• **What to produce**
Within the entries below, find the portion that opens with the line containing "strictly_antipodal d ->" and closes with the line containing "apply: eq_integral => y _ /=.". Retype that portion exactly and only.

....

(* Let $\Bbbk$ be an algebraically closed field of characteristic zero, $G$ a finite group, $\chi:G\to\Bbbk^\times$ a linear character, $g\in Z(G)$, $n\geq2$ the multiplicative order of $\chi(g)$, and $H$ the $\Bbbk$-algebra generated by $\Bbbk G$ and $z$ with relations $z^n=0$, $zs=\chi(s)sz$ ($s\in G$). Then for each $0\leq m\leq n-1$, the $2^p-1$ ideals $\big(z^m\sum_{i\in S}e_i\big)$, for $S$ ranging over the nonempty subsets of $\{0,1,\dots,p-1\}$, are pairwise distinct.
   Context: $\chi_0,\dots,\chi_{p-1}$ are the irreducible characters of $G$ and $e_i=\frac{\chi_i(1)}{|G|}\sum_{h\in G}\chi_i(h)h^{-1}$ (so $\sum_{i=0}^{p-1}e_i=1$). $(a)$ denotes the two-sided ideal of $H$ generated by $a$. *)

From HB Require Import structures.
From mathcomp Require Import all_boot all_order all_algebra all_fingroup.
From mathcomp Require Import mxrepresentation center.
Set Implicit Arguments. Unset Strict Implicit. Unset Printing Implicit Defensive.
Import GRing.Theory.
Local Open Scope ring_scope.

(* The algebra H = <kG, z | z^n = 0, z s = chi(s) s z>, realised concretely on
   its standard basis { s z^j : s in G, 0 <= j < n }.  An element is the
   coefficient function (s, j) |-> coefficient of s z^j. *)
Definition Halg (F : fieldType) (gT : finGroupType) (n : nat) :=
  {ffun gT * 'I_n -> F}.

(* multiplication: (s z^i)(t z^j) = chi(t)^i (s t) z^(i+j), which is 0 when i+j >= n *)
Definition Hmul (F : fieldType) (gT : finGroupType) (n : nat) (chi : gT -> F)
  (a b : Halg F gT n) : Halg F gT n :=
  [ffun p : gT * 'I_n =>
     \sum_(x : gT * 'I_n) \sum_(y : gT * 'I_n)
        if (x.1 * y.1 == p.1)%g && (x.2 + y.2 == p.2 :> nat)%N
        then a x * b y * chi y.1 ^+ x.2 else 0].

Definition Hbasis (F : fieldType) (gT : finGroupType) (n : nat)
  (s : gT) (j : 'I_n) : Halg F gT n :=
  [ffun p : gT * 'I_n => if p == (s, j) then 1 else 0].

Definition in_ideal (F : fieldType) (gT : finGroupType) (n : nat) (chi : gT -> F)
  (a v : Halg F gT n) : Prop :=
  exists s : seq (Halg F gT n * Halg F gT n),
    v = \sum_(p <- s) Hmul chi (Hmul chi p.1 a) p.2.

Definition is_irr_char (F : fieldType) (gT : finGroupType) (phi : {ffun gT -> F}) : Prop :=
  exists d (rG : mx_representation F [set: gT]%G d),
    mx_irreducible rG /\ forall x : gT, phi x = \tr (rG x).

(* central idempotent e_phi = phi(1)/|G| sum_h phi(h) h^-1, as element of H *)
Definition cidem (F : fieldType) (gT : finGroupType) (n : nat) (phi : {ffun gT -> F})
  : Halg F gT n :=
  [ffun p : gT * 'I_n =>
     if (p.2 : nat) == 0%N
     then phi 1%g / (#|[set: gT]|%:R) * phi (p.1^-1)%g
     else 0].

....

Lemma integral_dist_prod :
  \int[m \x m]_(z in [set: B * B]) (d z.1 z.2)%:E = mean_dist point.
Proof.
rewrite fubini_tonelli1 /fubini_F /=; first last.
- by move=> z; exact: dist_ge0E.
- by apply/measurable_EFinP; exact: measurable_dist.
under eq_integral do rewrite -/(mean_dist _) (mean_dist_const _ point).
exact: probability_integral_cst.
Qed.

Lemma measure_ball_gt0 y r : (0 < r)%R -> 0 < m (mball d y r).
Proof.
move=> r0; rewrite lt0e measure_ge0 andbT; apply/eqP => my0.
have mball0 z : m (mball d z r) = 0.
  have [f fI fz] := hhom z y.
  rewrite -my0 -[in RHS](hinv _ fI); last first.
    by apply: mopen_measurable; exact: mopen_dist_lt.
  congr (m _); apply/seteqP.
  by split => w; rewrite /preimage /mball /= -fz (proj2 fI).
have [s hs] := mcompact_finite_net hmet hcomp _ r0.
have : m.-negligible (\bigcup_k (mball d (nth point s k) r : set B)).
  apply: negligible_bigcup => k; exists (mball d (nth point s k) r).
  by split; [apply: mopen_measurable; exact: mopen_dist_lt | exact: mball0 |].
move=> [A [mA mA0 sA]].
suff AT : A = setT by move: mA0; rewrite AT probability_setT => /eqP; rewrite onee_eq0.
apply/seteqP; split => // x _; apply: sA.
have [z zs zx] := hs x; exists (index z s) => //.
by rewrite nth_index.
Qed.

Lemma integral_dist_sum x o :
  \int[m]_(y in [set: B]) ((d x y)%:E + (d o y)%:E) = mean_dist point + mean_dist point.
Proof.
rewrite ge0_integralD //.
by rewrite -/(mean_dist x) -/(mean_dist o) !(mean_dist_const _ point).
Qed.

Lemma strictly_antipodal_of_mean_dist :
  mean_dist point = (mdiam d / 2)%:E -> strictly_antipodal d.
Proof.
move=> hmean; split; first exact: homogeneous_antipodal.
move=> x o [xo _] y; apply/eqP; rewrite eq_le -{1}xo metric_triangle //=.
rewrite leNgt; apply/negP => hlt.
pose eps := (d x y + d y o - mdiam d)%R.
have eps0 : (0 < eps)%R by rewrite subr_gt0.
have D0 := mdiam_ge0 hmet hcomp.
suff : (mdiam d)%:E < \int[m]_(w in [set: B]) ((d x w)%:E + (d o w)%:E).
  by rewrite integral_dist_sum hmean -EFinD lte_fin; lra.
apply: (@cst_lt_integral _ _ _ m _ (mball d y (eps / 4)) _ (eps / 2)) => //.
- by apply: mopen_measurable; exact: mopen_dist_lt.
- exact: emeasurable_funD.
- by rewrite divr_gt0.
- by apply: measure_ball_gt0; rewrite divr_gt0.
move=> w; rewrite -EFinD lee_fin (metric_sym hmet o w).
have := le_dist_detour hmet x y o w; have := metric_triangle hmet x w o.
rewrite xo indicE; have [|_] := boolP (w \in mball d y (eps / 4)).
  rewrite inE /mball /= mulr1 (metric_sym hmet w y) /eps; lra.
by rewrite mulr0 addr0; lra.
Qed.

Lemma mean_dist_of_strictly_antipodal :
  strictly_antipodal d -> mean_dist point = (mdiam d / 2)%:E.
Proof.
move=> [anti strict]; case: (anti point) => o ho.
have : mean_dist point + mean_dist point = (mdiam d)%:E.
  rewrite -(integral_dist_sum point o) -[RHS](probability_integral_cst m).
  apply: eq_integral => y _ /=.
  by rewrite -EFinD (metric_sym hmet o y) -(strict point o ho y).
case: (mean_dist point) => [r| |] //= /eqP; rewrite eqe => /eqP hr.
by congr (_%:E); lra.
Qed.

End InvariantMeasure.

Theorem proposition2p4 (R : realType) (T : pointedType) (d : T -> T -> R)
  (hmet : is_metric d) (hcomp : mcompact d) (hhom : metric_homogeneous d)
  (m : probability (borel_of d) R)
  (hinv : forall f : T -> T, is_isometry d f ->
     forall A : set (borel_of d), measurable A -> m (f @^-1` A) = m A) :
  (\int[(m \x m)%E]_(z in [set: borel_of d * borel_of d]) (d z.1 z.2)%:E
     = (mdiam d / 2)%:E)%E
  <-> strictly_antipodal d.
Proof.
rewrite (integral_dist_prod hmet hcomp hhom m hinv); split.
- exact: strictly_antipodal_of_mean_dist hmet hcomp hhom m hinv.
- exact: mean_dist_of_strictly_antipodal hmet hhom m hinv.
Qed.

....

• **Solved problem**
  strictly_antipodal d -> mean_dist point = (mdiam d / 2)%:E.
Proof.
move=> [anti strict]; case: (anti point) => o ho.
have : mean_dist point + mean_dist point = (mdiam d)%:E.
  rewrite -(integral_dist_sum point o) -[RHS](probability_integral_cst m).
  apply: eq_integral => y _ /=.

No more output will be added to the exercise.